------ DATA TO EXAMINE
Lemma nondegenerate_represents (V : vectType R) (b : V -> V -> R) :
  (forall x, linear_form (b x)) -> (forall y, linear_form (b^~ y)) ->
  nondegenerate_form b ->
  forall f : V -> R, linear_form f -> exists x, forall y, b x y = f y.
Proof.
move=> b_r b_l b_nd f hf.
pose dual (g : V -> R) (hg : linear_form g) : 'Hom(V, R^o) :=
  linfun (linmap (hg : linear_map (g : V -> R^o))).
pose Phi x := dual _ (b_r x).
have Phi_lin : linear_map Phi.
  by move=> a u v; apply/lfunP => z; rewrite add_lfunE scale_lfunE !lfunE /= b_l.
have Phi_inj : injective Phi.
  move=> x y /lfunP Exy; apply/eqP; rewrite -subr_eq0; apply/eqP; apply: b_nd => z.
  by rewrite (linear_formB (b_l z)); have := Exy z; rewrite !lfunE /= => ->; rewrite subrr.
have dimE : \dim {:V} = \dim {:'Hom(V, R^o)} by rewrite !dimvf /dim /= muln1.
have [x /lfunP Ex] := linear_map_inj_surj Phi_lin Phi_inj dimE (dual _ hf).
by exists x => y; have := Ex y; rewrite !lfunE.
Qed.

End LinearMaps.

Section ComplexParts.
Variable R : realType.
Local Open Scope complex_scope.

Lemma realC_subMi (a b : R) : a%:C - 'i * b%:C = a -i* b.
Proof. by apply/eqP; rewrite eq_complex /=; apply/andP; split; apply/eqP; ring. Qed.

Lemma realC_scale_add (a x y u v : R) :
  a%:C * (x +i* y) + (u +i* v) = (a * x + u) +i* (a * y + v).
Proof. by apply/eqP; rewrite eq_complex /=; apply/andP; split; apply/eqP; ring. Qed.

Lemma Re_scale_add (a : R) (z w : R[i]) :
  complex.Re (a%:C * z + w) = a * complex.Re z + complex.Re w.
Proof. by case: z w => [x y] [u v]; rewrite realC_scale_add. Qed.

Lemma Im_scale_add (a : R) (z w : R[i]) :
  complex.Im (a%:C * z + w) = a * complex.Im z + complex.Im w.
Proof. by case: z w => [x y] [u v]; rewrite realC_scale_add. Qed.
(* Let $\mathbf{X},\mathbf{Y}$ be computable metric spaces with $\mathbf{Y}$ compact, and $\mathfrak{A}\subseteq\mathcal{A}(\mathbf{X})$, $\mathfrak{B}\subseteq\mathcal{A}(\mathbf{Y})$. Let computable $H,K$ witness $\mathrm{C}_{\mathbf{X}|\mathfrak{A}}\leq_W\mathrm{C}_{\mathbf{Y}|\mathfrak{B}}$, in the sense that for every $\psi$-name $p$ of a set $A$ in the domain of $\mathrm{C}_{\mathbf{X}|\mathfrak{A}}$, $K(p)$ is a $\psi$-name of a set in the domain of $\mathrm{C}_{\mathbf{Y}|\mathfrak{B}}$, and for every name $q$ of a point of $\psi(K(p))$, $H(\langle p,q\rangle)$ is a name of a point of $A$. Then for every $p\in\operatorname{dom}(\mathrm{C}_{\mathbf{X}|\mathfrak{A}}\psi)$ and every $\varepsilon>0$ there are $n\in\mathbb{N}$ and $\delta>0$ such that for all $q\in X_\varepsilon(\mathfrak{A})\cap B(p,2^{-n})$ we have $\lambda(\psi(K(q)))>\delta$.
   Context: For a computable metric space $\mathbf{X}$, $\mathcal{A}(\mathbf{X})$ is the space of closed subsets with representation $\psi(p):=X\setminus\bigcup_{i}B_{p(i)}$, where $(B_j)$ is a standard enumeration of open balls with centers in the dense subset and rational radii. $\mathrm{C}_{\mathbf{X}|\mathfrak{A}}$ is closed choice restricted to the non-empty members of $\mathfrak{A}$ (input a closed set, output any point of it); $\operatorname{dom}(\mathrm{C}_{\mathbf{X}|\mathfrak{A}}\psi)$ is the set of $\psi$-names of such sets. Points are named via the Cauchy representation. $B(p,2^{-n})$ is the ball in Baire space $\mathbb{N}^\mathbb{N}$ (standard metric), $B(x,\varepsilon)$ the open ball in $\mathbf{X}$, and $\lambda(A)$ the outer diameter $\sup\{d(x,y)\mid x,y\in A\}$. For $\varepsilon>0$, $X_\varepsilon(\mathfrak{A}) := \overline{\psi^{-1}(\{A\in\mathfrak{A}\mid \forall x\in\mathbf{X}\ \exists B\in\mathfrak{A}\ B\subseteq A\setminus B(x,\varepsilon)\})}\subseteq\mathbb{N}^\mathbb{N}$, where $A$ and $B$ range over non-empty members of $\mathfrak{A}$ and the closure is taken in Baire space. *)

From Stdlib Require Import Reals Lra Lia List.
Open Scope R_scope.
------------
------ DATA TO EXAMINE
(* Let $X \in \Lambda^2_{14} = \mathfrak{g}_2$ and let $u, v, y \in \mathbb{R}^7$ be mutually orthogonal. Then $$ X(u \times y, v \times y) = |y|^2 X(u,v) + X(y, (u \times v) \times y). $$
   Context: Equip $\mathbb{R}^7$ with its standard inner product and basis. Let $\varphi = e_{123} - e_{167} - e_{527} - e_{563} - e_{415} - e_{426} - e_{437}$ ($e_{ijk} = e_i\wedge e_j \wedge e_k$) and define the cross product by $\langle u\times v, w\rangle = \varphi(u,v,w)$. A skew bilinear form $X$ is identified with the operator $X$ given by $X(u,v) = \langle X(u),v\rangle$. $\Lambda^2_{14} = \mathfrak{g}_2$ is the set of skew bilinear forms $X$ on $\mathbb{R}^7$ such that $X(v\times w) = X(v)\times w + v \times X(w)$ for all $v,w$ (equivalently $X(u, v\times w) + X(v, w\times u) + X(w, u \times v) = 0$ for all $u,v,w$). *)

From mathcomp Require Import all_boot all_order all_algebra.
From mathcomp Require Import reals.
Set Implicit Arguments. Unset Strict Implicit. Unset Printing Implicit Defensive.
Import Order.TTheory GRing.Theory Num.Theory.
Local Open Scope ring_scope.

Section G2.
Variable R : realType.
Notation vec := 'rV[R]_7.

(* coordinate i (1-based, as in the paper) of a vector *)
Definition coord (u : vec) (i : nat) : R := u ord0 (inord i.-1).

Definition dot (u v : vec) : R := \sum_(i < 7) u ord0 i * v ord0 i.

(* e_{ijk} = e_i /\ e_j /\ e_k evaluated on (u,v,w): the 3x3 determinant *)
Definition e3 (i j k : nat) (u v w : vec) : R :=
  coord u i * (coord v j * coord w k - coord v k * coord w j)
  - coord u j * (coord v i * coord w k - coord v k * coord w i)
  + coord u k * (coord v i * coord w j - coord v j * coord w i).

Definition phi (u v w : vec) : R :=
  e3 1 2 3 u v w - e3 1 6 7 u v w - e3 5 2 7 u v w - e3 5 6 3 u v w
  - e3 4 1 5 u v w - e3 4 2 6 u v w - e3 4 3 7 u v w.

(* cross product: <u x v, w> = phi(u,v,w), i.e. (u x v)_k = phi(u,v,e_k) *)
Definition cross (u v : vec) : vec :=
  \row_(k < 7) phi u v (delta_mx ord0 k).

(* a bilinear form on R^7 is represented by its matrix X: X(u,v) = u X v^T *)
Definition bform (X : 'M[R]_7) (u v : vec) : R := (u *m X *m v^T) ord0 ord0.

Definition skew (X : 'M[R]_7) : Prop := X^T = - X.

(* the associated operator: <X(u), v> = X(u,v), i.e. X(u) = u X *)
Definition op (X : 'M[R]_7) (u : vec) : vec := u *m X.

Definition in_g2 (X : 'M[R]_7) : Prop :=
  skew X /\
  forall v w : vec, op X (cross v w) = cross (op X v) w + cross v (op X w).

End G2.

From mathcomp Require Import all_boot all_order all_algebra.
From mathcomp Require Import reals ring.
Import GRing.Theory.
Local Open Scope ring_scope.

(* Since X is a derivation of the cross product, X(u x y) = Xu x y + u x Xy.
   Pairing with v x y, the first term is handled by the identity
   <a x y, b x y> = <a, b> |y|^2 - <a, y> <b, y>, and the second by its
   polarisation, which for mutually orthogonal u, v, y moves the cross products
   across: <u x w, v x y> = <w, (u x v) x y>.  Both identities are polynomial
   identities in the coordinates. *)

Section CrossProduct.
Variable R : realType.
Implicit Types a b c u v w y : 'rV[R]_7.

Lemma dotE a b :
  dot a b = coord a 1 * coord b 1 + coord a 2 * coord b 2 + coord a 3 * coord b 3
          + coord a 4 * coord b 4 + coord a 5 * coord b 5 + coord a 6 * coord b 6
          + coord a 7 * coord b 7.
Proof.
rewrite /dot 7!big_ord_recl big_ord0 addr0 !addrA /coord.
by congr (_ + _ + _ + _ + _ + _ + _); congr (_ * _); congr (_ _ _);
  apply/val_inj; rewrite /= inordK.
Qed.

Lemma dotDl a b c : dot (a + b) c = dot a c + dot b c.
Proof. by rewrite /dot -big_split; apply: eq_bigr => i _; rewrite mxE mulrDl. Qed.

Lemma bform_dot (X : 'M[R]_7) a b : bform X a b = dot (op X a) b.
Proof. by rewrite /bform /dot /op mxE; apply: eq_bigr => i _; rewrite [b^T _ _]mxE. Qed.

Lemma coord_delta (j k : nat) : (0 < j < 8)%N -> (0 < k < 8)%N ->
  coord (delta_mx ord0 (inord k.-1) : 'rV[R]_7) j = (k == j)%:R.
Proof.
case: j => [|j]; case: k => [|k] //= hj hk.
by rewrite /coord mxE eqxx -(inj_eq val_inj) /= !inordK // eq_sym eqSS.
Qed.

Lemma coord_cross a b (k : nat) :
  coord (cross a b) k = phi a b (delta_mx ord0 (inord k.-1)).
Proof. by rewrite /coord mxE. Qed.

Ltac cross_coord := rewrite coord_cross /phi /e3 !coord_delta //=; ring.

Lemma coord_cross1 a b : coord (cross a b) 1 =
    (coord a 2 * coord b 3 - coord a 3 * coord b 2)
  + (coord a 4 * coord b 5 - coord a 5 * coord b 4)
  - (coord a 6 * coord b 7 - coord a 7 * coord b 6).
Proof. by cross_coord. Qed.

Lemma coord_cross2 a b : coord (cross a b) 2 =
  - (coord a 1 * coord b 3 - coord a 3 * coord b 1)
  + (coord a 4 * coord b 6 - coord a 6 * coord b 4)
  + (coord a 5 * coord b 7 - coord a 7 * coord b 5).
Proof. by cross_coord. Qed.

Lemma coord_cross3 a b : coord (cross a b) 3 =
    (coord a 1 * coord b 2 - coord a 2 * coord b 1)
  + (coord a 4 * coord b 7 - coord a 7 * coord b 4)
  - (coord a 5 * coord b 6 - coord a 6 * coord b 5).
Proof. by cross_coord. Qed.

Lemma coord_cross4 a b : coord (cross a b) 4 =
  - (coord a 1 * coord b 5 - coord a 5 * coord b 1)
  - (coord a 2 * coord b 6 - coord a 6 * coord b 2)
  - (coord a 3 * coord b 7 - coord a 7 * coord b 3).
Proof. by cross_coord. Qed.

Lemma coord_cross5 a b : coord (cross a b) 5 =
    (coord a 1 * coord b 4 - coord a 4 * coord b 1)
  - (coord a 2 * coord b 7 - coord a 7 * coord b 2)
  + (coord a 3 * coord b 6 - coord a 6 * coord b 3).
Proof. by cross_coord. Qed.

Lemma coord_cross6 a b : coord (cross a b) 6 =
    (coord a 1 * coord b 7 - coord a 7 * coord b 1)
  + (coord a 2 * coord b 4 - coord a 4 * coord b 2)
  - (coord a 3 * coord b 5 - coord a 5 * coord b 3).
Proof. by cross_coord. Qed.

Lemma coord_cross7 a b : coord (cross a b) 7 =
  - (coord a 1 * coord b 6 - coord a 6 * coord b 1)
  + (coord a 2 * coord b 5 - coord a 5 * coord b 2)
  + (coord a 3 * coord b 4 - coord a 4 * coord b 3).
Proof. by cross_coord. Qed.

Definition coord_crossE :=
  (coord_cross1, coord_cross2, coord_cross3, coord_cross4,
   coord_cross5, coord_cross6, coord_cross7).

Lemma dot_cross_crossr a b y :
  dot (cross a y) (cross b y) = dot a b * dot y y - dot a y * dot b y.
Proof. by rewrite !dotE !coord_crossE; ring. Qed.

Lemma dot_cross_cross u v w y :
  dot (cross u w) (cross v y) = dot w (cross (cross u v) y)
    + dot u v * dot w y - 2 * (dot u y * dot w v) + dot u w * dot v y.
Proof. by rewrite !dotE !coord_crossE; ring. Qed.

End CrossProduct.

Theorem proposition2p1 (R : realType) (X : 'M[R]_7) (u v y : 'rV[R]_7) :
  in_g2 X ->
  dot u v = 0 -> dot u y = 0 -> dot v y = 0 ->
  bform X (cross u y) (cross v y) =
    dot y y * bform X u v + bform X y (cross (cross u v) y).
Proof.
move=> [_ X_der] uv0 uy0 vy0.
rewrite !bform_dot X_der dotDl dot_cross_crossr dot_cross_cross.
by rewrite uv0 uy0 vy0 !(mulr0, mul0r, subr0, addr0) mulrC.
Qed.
------------
→ **WHAT THE TASK ASKS**: Work out how many lines in the data hold the word "identities"; reply with the number alone.

→ **EXPECTED ANSWER**: 2